Input records |
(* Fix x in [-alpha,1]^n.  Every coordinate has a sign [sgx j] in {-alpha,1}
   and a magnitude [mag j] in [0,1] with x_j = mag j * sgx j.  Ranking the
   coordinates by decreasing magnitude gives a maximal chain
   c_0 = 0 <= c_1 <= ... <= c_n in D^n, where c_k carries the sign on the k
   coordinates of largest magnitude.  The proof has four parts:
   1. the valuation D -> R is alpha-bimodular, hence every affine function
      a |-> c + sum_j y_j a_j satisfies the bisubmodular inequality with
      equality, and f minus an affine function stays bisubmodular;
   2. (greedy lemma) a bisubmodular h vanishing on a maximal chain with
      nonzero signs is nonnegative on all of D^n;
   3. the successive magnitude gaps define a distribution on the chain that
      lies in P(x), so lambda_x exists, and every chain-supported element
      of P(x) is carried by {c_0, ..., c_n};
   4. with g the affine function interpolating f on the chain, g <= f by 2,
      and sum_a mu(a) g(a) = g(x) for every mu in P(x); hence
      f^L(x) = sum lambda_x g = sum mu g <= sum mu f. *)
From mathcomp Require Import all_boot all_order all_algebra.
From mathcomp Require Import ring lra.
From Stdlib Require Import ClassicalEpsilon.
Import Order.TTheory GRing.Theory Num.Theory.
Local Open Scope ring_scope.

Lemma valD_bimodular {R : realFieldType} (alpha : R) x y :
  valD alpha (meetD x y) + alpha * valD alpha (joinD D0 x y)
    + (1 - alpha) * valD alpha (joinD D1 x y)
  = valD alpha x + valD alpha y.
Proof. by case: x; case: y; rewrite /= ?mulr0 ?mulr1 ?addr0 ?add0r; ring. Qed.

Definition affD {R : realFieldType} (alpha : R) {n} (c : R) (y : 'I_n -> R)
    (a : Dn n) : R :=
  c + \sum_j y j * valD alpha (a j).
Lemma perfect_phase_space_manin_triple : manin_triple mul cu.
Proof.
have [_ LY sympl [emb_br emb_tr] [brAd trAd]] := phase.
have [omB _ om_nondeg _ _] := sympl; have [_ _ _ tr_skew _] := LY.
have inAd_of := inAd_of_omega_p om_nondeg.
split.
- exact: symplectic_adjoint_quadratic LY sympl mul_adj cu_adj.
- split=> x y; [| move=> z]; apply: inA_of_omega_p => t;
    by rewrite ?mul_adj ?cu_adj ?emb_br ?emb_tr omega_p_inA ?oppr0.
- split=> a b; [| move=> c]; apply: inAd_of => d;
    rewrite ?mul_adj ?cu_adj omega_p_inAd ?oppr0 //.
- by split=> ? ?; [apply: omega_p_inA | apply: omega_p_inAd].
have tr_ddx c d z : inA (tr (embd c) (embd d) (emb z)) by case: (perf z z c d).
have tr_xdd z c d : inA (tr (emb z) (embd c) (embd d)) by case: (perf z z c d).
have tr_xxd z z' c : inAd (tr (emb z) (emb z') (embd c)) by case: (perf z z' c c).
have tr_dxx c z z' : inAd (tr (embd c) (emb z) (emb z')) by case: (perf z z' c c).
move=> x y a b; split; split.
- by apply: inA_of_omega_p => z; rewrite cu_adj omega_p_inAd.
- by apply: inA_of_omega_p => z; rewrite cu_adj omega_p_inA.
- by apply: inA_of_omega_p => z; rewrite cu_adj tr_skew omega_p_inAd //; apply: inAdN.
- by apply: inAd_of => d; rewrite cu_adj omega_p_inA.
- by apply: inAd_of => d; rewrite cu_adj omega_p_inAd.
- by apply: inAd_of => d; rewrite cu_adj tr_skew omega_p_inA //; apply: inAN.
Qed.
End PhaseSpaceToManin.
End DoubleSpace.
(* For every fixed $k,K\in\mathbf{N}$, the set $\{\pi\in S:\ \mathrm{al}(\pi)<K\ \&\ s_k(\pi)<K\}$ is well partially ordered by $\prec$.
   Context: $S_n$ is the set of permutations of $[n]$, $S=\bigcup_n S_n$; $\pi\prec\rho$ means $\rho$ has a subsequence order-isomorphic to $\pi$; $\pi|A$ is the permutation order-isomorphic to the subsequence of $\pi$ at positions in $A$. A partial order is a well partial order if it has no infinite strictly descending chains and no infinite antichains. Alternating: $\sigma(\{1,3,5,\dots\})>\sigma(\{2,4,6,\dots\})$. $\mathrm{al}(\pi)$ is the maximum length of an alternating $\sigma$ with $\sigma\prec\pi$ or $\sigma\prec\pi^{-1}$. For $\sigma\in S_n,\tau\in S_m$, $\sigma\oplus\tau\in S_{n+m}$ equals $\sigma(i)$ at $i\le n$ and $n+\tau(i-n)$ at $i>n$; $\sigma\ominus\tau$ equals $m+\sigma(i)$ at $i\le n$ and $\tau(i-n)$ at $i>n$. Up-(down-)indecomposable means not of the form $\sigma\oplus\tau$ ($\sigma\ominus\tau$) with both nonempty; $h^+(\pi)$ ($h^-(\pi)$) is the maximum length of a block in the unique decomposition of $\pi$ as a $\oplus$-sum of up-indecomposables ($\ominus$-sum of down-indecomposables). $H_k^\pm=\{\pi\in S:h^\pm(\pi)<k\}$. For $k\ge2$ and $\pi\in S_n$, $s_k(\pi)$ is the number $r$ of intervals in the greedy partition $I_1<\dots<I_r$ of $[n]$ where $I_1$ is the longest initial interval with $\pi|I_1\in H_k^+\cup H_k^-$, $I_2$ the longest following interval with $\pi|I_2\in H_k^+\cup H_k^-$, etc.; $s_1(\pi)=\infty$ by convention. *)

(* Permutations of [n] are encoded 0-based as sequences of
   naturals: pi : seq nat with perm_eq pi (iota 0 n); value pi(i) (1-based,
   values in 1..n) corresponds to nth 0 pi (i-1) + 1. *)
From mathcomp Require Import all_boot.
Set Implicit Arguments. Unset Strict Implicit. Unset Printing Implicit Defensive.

Work required | Reproduce exactly the first line of the listing and every line after it, through the one containing "3. the successive". Nothing else belongs in the output.

Task solution |
(* Fix x in [-alpha,1]^n.  Every coordinate has a sign [sgx j] in {-alpha,1}
   and a magnitude [mag j] in [0,1] with x_j = mag j * sgx j.  Ranking the
   coordinates by decreasing magnitude gives a maximal chain
   c_0 = 0 <= c_1 <= ... <= c_n in D^n, where c_k carries the sign on the k
   coordinates of largest magnitude.  The proof has four parts:
   1. the valuation D -> R is alpha-bimodular, hence every affine function
      a |-> c + sum_j y_j a_j satisfies the bisubmodular inequality with
      equality, and f minus an affine function stays bisubmodular;
   2. (greedy lemma) a bisubmodular h vanishing on a maximal chain with
      nonzero signs is nonnegative on all of D^n;
   3. the successive magnitude gaps define a distribution on the chain that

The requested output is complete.